Возрождение Ленинградского комбината хлебопродуктов им. Кирова: зенитки на крыше, мука из сои и газоубежище
24 декабря 2019 | 11:00| ВозрождениеЛенинградский комбинат хлебопродуктов имени Кирова (ЛКХП) был построен перед войной. Строительство началось в 1934 году, а 20 мая 1939-го предприятие заработало. Тогда на нём трудились около 1200 человек, но в первые дни войны многие сотрудники ушли на фронт: в 1942 году на производстве остались лишь 130 человек, которым приходилось выполнять большой объём работы. И даже когда комбинат временно законсервировали, отдыхать было некогда: например, на самой высокой точке ЛКХП – элеваторе – стояли зенитки, охранявшие стратегические точки: Финляндский железнодорожный и Володарский мосты. О жизни хлебокомбината в блокадные и послевоенные годы – в новом материале проекта «Возрождение».

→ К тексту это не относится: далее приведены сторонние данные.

Lemma RInt_Rmult_l (f : R -> R) c a b : (forall p, continuous f p) ->
  RInt (fun p => c * f p) a b = c * RInt f a b.
Proof. intros Hf; apply (RInt_scal f); apply ex_RInt_continuous_R; assumption. Qed.

Lemma RInt_Chasles_R (f : R -> R) a b c : (forall p, continuous f p) ->
  RInt f a b + RInt f b c = RInt f a c.
Proof. intros Hf; apply (RInt_Chasles f); apply ex_RInt_continuous_R; assumption. Qed.

Lemma RInt_le_R (f g : R -> R) a b : a <= b ->
  (forall p, continuous f p) -> (forall p, continuous g p) ->
  (forall p, a < p < b -> f p <= g p) -> RInt f a b <= RInt g a b.
Proof. intros; apply RInt_le; auto; apply ex_RInt_continuous_R; assumption. Qed.

Lemma RInt_pos (f : R -> R) a b : a < b -> (forall p, continuous f p) ->
  (forall p, a < p < b -> 0 < f p) -> 0 < RInt f a b.
Proof.
  intros Hab Hf Hpos.
  replace 0 with (RInt (fun _ => 0) a b) by (rewrite RInt_const; apply Rmult_0_r).
  apply RInt_lt; auto using continuous_const.
Qed.

(* Half the density of the triangle prior with mode [a]. *)
Definition tri_prior (a p : R) : R := Rmin (p / a) ((1 - p) / (1 - a)).

Lemma tri_prior_left a p : 0 < a < 1 -> p <= a -> tri_prior a p = p / a.
Proof.
  intros Ha Hp; apply Rmin_left.
  apply (Rmult_le_reg_r (a * (1 - a))); [nra|].
  field_simplify; nra.
Qed.

Lemma tri_prior_right a p : 0 < a < 1 -> a <= p -> tri_prior a p = (1 - p) / (1 - a).
Proof.
  intros Ha Hp; apply Rmin_right.
  apply (Rmult_le_reg_r (a * (1 - a))); [nra|].
  field_simplify; nra.
Qed.

Lemma tri_prior_pos a p : 0 < a < 1 -> 0 < p < 1 -> 0 < tri_prior a p.
Proof. intros Ha Hp; apply Rmin_glb_lt; apply Rdiv_lt_0_compat; lra. Qed.

Lemma continuous_tri_prior a p : continuous (tri_prior a) p.
Proof. unfold tri_prior, Rdiv; solve_continuous. Qed.

Lemma RInt_tri_prior (f : R -> R) a : 0 < a < 1 -> (forall p, continuous f p) ->
  2 / a * RInt (fun p => f p * p) 0 a + 2 / (1 - a) * RInt (fun p => f p * (1 - p)) a 1
  = 2 * RInt (fun p => f p * tri_prior a p) 0 1.
Proof.
  intros Ha Hf.
  rewrite <- (RInt_Chasles_R _ 0 a 1) by (intro; solve_continuous; auto using continuous_tri_prior).
  rewrite (RInt_ext_R (fun p => f p * tri_prior a p) (fun p => / a * (f p * p)) 0 a).
  2: { intros p Hp. rewrite Rmin_left, Rmax_right in Hp by lra.
       rewrite tri_prior_left by lra. field. lra. }
  rewrite (RInt_ext_R (fun p => f p * tri_prior a p) (fun p => / (1 - a) * (f p * (1 - p))) a 1).
  2: { intros p Hp. rewrite Rmin_left, Rmax_right in Hp by lra.
       rewrite tri_prior_right by lra. field. lra. }
  rewrite !RInt_Rmult_l by (intro; solve_continuous; auto).
  field. lra.
Qed.

Definition tri_drift (a p : R) : R := (p - a) * tri_prior a p.

Lemma continuous_tri_drift a p : continuous (tri_drift a) p.
Proof. unfold tri_drift; solve_continuous; apply continuous_tri_prior. Qed.

Lemma tri_drift_left a p : 0 < a < 1 -> p <= a -> tri_drift a p = p * p / a - p.
Proof. intros Ha Hp; unfold tri_drift; rewrite tri_prior_left by lra; field; lra. Qed.

Lemma tri_drift_right a p : 0 < a < 1 -> a <= p ->
  tri_drift a p = (1 - p) - (1 - p) * (1 - p) / (1 - a).
Proof. intros Ha Hp; unfold tri_drift; rewrite tri_prior_right by lra; field; lra. Qed.

Lemma tri_drift_decreasing a b p : 0 < a -> a < b -> b < 1 -> 0 < p < 1 ->
  tri_drift b p < tri_drift a p.
Proof.
  intros Ha Hab Hb Hp.
  destruct (Rle_or_lt p a) as [Hpa | Hap]; [|destruct (Rle_or_lt p b) as [Hpb | Hbp]].
  - rewrite !tri_drift_left by lra.
    assert (0 < p * p) by nra.
    apply (Rmult_lt_reg_r (a * b)); [nra|]. field_simplify; try lra; nra.
  - rewrite (tri_drift_right a), (tri_drift_left b) by lra.
    assert (0 <= p * (b - p) * (1 - a)) by (apply Rmult_le_pos; nra).
    assert (0 < (1 - p) * (p - a) * b) by (apply Rmult_lt_0_compat; nra).
    apply (Rmult_lt_reg_r (b * (1 - a))); [nra|]. field_simplify; try lra; nra.
  - rewrite !tri_drift_right by lra.
    assert (0 < (1 - p) * (1 - p)) by nra.
    apply (Rmult_lt_reg_r ((1 - a) * (1 - b))); [nra|]. field_simplify; try lra; nra.
Qed.

Lemma tri_drift_lipschitz a b p : 0 < a -> a < b -> b < 1 -> 0 <= p <= 1 ->
  tri_drift a p - tri_drift b p <= b - a.
Proof.
  intros Ha Hab Hb Hp.
  destruct (Rle_or_lt p a) as [Hpa | Hap]; [|destruct (Rle_or_lt p b) as [Hpb | Hbp]].
  - rewrite !tri_drift_left by lra.
    assert (p * p <= a * b) by nra.
    apply (Rmult_le_reg_r (a * b)); [nra|]. field_simplify; try lra; nra.
  - rewrite (tri_drift_right a), (tri_drift_left b) by lra.
    assert (0 <= (p - a) * (p - a) * b) by (apply Rmult_le_pos; nra).
    assert (0 <= (b - p) * (b - p) * (1 - a)) by (apply Rmult_le_pos; nra).
    apply (Rmult_le_reg_r (b * (1 - a))); [nra|]. field_simplify; try lra; nra.
  - rewrite !tri_drift_right by lra.
    assert ((1 - p) * (1 - p) <= (1 - a) * (1 - b)) by nra.
    apply (Rmult_le_reg_r ((1 - a) * (1 - b))); [nra|]. field_simplify; try lra; nra.
Qed.

Lemma tri_drift_lower a p : 0 < a < 1 -> 0 <= p <= 1 -> p * (1 - p) - 2 * a <= tri_drift a p.
Proof.
  intros Ha Hp.
  destruct (Rle_or_lt p a).
  - rewrite tri_drift_left by lra.
    assert (0 <= p * p * a) by (apply Rmult_le_pos; nra).
    apply (Rmult_le_reg_r a); [lra|]. field_simplify; try lra; nra.
  - rewrite tri_drift_right by lra.
    assert ((1 - p) * (1 - p) <= 1 - a) by nra.
    apply (Rmult_le_reg_r (1 - a)); [lra|]. field_simplify; try lra; nra.
Qed.

Lemma tri_drift_upper a p : 0 < a < 1 -> 0 <= p <= 1 -> tri_drift a p <= 2 * (1 - a) - p * (1 - p).
Proof.
  intros Ha Hp.
  destruct (Rle_or_lt p a).
  - rewrite tri_drift_left by lra.
    assert (p * p <= a) by nra.
    apply (Rmult_le_reg_r a); [lra|]. field_simplify; try lra; nra.
  - rewrite tri_drift_right by lra.
    assert (0 <= (1 - p) * (1 - p) * (1 - a)) by (apply Rmult_le_pos; nra).
    apply (Rmult_le_reg_r (1 - a)); [lra|]. field_simplify; try lra; nra.
Qed.

Section Drift.

Variable w : R -> R.
Hypothesis w_continuous : forall p, continuous w p.
Hypothesis w_pos : forall p, 0 < p < 1 -> 0 < w p.

(* Up to the positive normalising integral, [drift a] is the posterior mean minus [a]. *)
Definition drift (a : R) : R := RInt (fun p => w p * tri_drift a p) 0 1.

Definition tri_posterior_mean (a : R) : R :=
  RInt (fun p => p * w p * tri_prior a p) 0 1 / RInt (fun p => w p * tri_prior a p) 0 1.

Let W := RInt w 0 1.
Let M := RInt (fun p => w p * (p * (1 - p))) 0 1.

Lemma drift_decreasing a b : 0 < a -> a < b -> b < 1 -> drift b < drift a.
Proof.
  intros Ha Hab Hb. unfold drift.
  apply RInt_lt; [lra | intros; solve_continuous; auto using continuous_tri_drift .. |].
  intros p Hp. apply Rmult_lt_compat_l; [auto | apply tri_drift_decreasing; lra].
Qed.

Lemma drift_lipschitz a b : 0 < a -> a < b -> b < 1 -> drift a - drift b <= (b - a) * W.
Proof.
  intros Ha Hab Hb. unfold drift, W.
  rewrite <- RInt_Rminus, <- RInt_Rmult_l by (intro; solve_continuous; auto using continuous_tri_drift).
  apply RInt_le_R; [lra | intro; solve_continuous; auto using continuous_tri_drift .. |].
  intros p Hp. rewrite <- Rmult_minus_distr_l, Rmult_comm.
  apply Rmult_le_compat_r; [left; auto | apply tri_drift_lipschitz; lra].
Qed.

Lemma integral_w_pos : 0 < W.
Proof. apply RInt_pos; auto; lra. Qed.

Lemma continuity_pt_drift a : 0 < a < 1 -> continuity_pt drift a.
Proof.
  intros Ha eps Heps.
  pose proof integral_w_pos as HW.
  exists (Rmin (eps / W) (Rmin a (1 - a))).
  split.
  - apply Rmin_glb_lt; [apply Rdiv_lt_0_compat | apply Rmin_glb_lt]; lra.
  - intros z [_ Hz]. simpl in *. unfold R_dist in *.
    pose proof (Rmin_l (eps / W) (Rmin a (1 - a))).
    pose proof (Rmin_r (eps / W) (Rmin a (1 - a))).
    pose proof (Rmin_l a (1 - a)). pose proof (Rmin_r a (1 - a)).
    apply Rabs_def2 in Hz.
    assert (Hzw : Rabs (z - a) * W < eps).
    { apply (Rmult_lt_reg_r (/ W)); [apply Rinv_0_lt_compat; lra|].
      rewrite Rmult_assoc, Rinv_r, Rmult_1_r by lra. apply Rabs_def1; unfold Rdiv in *; lra. }
    destruct (Rtotal_order z a) as [Hza | [Hza | Hza]].
    + pose proof (drift_decreasing z a ltac:(lra) Hza ltac:(lra)).
      pose proof (drift_lipschitz z a ltac:(lra) Hza ltac:(lra)).
      rewrite Rabs_left in Hzw by lra. rewrite Rabs_right by lra. nra.
    + subst z. rewrite Rminus_diag, Rabs_R0. lra.
    + pose proof (drift_decreasing a z ltac:(lra) Hza ltac:(lra)).
      pose proof (drift_lipschitz a z ltac:(lra) Hza ltac:(lra)).
      rewrite Rabs_right in Hzw by lra. rewrite Rabs_left by lra. nra.
Qed.

Lemma drift_lower a : 0 < a < 1 -> M - 2 * a * W <= drift a.
Proof.
  intros Ha. unfold M, W, drift.
  rewrite <- (RInt_Rmult_l w (2 * a)), <- RInt_Rminus by (intro; solve_continuous; auto).
  apply RInt_le_R; [lra | intro; solve_continuous; auto using continuous_tri_drift .. |].
  intros p Hp. pose proof (w_pos p Hp).
  pose proof (tri_drift_lower a p Ha ltac:(lra)). nra.
Qed.

Lemma drift_upper a : 0 < a < 1 -> drift a <= 2 * (1 - a) * W - M.
Proof.
  intros Ha. unfold M, W, drift.
  rewrite <- (RInt_Rmult_l w (2 * (1 - a))), <- RInt_Rminus by (intro; solve_continuous; auto).
  apply RInt_le_R; [lra | intro; solve_continuous; auto using continuous_tri_drift .. |].
  intros p Hp. pose proof (w_pos p Hp).
  pose proof (tri_drift_upper a p Ha ltac:(lra)). nra.
Qed.

Lemma drift_changes_sign : exists a0, 0 < a0 < 1 / 2 /\ 0 < drift a0 /\ drift (1 - a0) < 0.
Proof.
  assert (HM : 0 < M).
  { apply RInt_pos; [lra | intro; solve_continuous; auto |].
    intros p Hp. pose proof (w_pos p Hp). apply Rmult_lt_0_compat; nra. }
  assert (HMW : 4 * M <= W).
  { unfold M, W. rewrite <- RInt_Rmult_l by (intro; solve_continuous; auto).
    apply RInt_le_R; [lra | intro; solve_continuous; auto .. |].
    intros p Hp. pose proof (w_pos p Hp).
    assert (0 <= w p * ((2 * p - 1) * (2 * p - 1))) by (apply Rmult_le_pos; [lra | apply Rle_0_sqr]).
    lra. }
  pose proof integral_w_pos as HW.
  exists (M / (4 * W)).
  assert (Ha0W : M / (4 * W) * W = M / 4) by (field; lra).
  assert (Ha0 : 0 < M / (4 * W) <= 1 / 16) by (split; nra).
  pose proof (drift_lower (M / (4 * W)) ltac:(lra)).
  pose proof (drift_upper (1 - M / (4 * W)) ltac:(lra)).
  split; [|split]; lra.
Qed.

Lemma drift_unique_root : exists! a, 0 < a < 1 /\ drift a = 0.
Proof.
  destruct drift_changes_sign as [a0 [Ha0 [Hlo Hhi]]].
  destruct (IVT_interv (fun a => - drift a) a0 (1 - a0)) as [tau [Htau Hroot]];
    [intros a Ha; apply continuity_pt_opp, continuity_pt_drift | ..]; try lra.
  exists tau. split; [split; lra|].
  intros b [Hb Hdb].
  destruct (Rtotal_order tau b) as [Hlt | [Heq | Hgt]]; [| exact Heq |].
  - pose proof (drift_decreasing tau b ltac:(lra) Hlt ltac:(lra)). lra.
  - pose proof (drift_decreasing b tau ltac:(lra) Hgt ltac:(lra)). lra.
Qed.

Lemma tri_evidence_pos a : 0 < a < 1 -> 0 < RInt (fun p => w p * tri_prior a p) 0 1.
Proof.
  intros Ha. apply RInt_pos; [lra | intro; solve_continuous; auto using continuous_tri_prior |].
  intros p Hp. apply Rmult_lt_0_compat; [auto | apply tri_prior_pos; lra].
Qed.

Lemma tri_posterior_mean_fixed_iff a : 0 < a < 1 -> tri_posterior_mean a = a <-> drift a = 0.
Proof.
  intros Ha. pose proof (tri_evidence_pos a Ha) as HZ.
  assert (Hdrift : drift a = RInt (fun p => p * w p * tri_prior a p) 0 1
                             - a * RInt (fun p => w p * tri_prior a p) 0 1).
  { unfold drift, tri_drift.
    rewrite <- RInt_Rmult_l, <- RInt_Rminus
      by (intro; solve_continuous; auto using continuous_tri_prior).
    apply RInt_ext_R; intros; ring. }
  unfold tri_posterior_mean. rewrite Hdrift.
  set (N := RInt (fun p => p * w p * tri_prior a p) 0 1) in *.
  set (Z := RInt (fun p => w p * tri_prior a p) 0 1) in *.
  split; intro H.
  - rewrite <- H. field. lra.
  - replace N with (a * Z) by lra. field. lra.
Qed.
End Drift.

Definition likelihood (n x : nat) (p : R) : R := p ^ x * (1 - p) ^ (n - x).

Lemma continuous_likelihood n x p : continuous (likelihood n x) p.
Proof.
  apply (ex_derive_continuous (K := R_AbsRing) (V := R_NormedModule)).
  unfold likelihood; auto_derive; auto.
Qed.

Lemma likelihood_pos n x p : 0 < p < 1 -> 0 < likelihood n x p.
Proof. intros Hp; apply Rmult_lt_0_compat; apply pow_lt; lra. Qed.

Lemma post_mean_tri_posterior_mean n x a : 0 < a < 1 ->
  post_mean n x a = tri_posterior_mean (likelihood n x) a.
Proof.
  intros Ha. unfold post_mean, tri_posterior_mean.
  rewrite (RInt_ext_R (fun p => p ^ (x + 2) * (1 - p) ^ (n - x)) (fun p => p * likelihood n x p * p)),
    (RInt_ext_R (fun p => p ^ (x + 1) * (1 - p) ^ (n - x + 1)) (fun p => p * likelihood n x p * (1 - p))),
    (RInt_ext_R (fun p => p ^ (x + 1) * (1 - p) ^ (n - x)) (fun p => likelihood n x p * p)),
    (RInt_ext_R (fun p => p ^ x * (1 - p) ^ (n - x + 1)) (fun p => likelihood n x p * (1 - p)))
    by (intros; unfold likelihood; rewrite ?pow_add; ring).
  rewrite (RInt_tri_prior (fun p => p * likelihood n x p)), (RInt_tri_prior (likelihood n x))
    by (auto using continuous_likelihood; intro; solve_continuous; apply continuous_likelihood).
  pose proof (tri_evidence_pos (likelihood n x) (continuous_likelihood n x) (likelihood_pos n x) a Ha).
  field. lra.
Qed.

Theorem theorem2 (n x : nat) (hn : (1 <= n)%nat) (hx : (x <= n)%nat) :
  exists! tau : R, (0 < tau < 1) /\ post_mean n x tau = tau.
Proof.
  assert (Hfixed : forall a, 0 < a < 1 ->
            post_mean n x a = a <-> drift (likelihood n x) a = 0).
  { intros a Ha. rewrite post_mean_tri_posterior_mean by exact Ha.
    apply tri_posterior_mean_fixed_iff;
      auto using continuous_likelihood, likelihood_pos. }
  destruct (drift_unique_root (likelihood n x) (continuous_likelihood n x) (likelihood_pos n x))
    as [tau [[Htau Hroot] Huniq]].
  exists tau. split.
  - split; [exact Htau | apply Hfixed; assumption].
  - intros a [Ha Hpm]. apply Huniq. split; [exact Ha | apply Hfixed; assumption].
Qed.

Мука из жмыха и древесной целлюлозы
Когда ранним утром 22 июня 1941 года в Ленинграде прозвучал сигнал тревоги, весь руководящий состав комбината хлебопродуктов прибыл на рабочее место. Состоялось совещание, по итогам которого на территории ЛКХП открыли газоубежище, а на самой высокой точке района – вышке элеватора (60 метров) – установили пост наблюдения. В тот же день во дворе комбината состоялся митинг, на котором присутствовало более 400 человек. Говорили о войне и предстоящей работе предприятия. Сомнений не было – мельница должна была функционировать во чтобы то ни стало.
«В первые дни войны в ряды Красной Армии было призвано 220 мужчин, их место заняли женщины, позже на фронт отправились и другие. Всего воевать ушли 480 человек», – рассказывает менеджер по АХО, а также официальный представитель музея комбината хлебопродуктов Таисия Иванова.

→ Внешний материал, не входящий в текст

(* Passing to a child strictly lowers the number of vertices below height f w. *)
Lemma exists_leaf_below v : v <> root -> exists2 u, leaf u & below u v.
Proof.
move=> v_nroot.
pose lower w := [pred x : V | if Rlt_dec (f x) (f w) then true else false].
suff: forall n w, w <> root -> (#|lower w| < n)%N -> exists2 u, leaf u & below u w.
  by apply; [exact: v_nroot | exact: ltnSn].
elim=> [|n IH] w w_nroot lt_n //.
case: (classic (leaf w)) => [w_leaf|/not_and_or [//|/not_all_ex_not [x /NNPP pxw]]].
  by exists w => //; exact: below_refl.
have x_nroot : x <> root by move=> e; apply: w_nroot; rewrite -pxw e mt_par_root.
have fxw : f x < f w by rewrite -pxw; apply: mt_incr; rewrite // pxw.
have lower_x : (#|lower x| < #|lower w|)%N.
  rewrite (cardD1 x (lower w)).
  have -> : x \in lower w by rewrite inE; case: Rlt_dec.
  rewrite add1n ltnS; apply: subset_leq_card; apply/subsetP => y.
  rewrite !inE; case: Rlt_dec => // fyx _; apply/andP; split.
    by apply/eqP => e; subst y; lra.
  by case: Rlt_dec => // ?; lra.
have [u u_leaf ux] := IH x x_nroot (leq_trans lower_x lt_n).
by exists u => //; apply: below_trans ux _; rewrite -pxw; exact: below_par.
Qed.

Lemma prec_trans (x y z : pt M) : prec x y -> prec y z -> prec x z.
Proof.
case: z => [c hc|]; last by case: x.
case: y => [b hb|]; last by case: x.
case: x => [a ha|] //= [hab ab] [hbc bc]; split; [lra | exact: below_trans ab bc].
Qed.

Lemma anc_trans h (x y z : pt M) : prec x y -> is_anc h y z -> is_anc h x z.
Proof. by move=> xy [z_layer yz]; split=> //; exact: prec_trans xy yz. Qed.

Lemma anc_uniq h (x y1 y2 : pt M) : is_anc h x y1 -> is_anc h x y2 -> y1 = y2.
Proof.
case: y1 => [a h1|] [[a_valid /= e1] xa] //; subst h1.
case: y2 => [b h2|] [[b_valid /= e2] xb] //; subst h2.
case: x xa xb => [v h0|] //= [_ va] [_ vb].
have ab := valid_below va vb a_valid b_valid (Rle_refl h).
by rewrite (valid_below_eq b_valid a_valid (Rle_refl h) ab).
Qed.

Lemma anc_lift h1 h2 (x y z : pt M) :
  h1 <= h2 -> is_anc h1 x y -> is_anc h2 x z -> is_anc h2 y z.
Proof.
case: y => [a h'|] h12 [[a_valid /= e1] xa] //; subst h'.
case: z => [b h'|] [[b_valid /= e2] xb] //; subst h'.
split; first by split.
case: x xa xb => [v h0|] //= [_ va] [_ vb].
by split=> //; exact: valid_below va vb a_valid b_valid h12.
Qed.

7 августа 1941 вышел приказ под грифом «секретно» – уничтожить предприятие вместе с запасами, если немцы возьмут Ленинград. Однако продукция и без того быстро заканчивалась. Так, ещё летом 41-го года мельница вырабатывала манную крупу, а также муку высшего, 1 и 2 сортов в положенной норме, но к концу лета зерно иссякло. Приходилось искать альтернативу: в блокаду выметались все запасы, в ход шла даже обойная пыль (мука, соскобленная со стен мукомольных цехов – ИА «Диалог»).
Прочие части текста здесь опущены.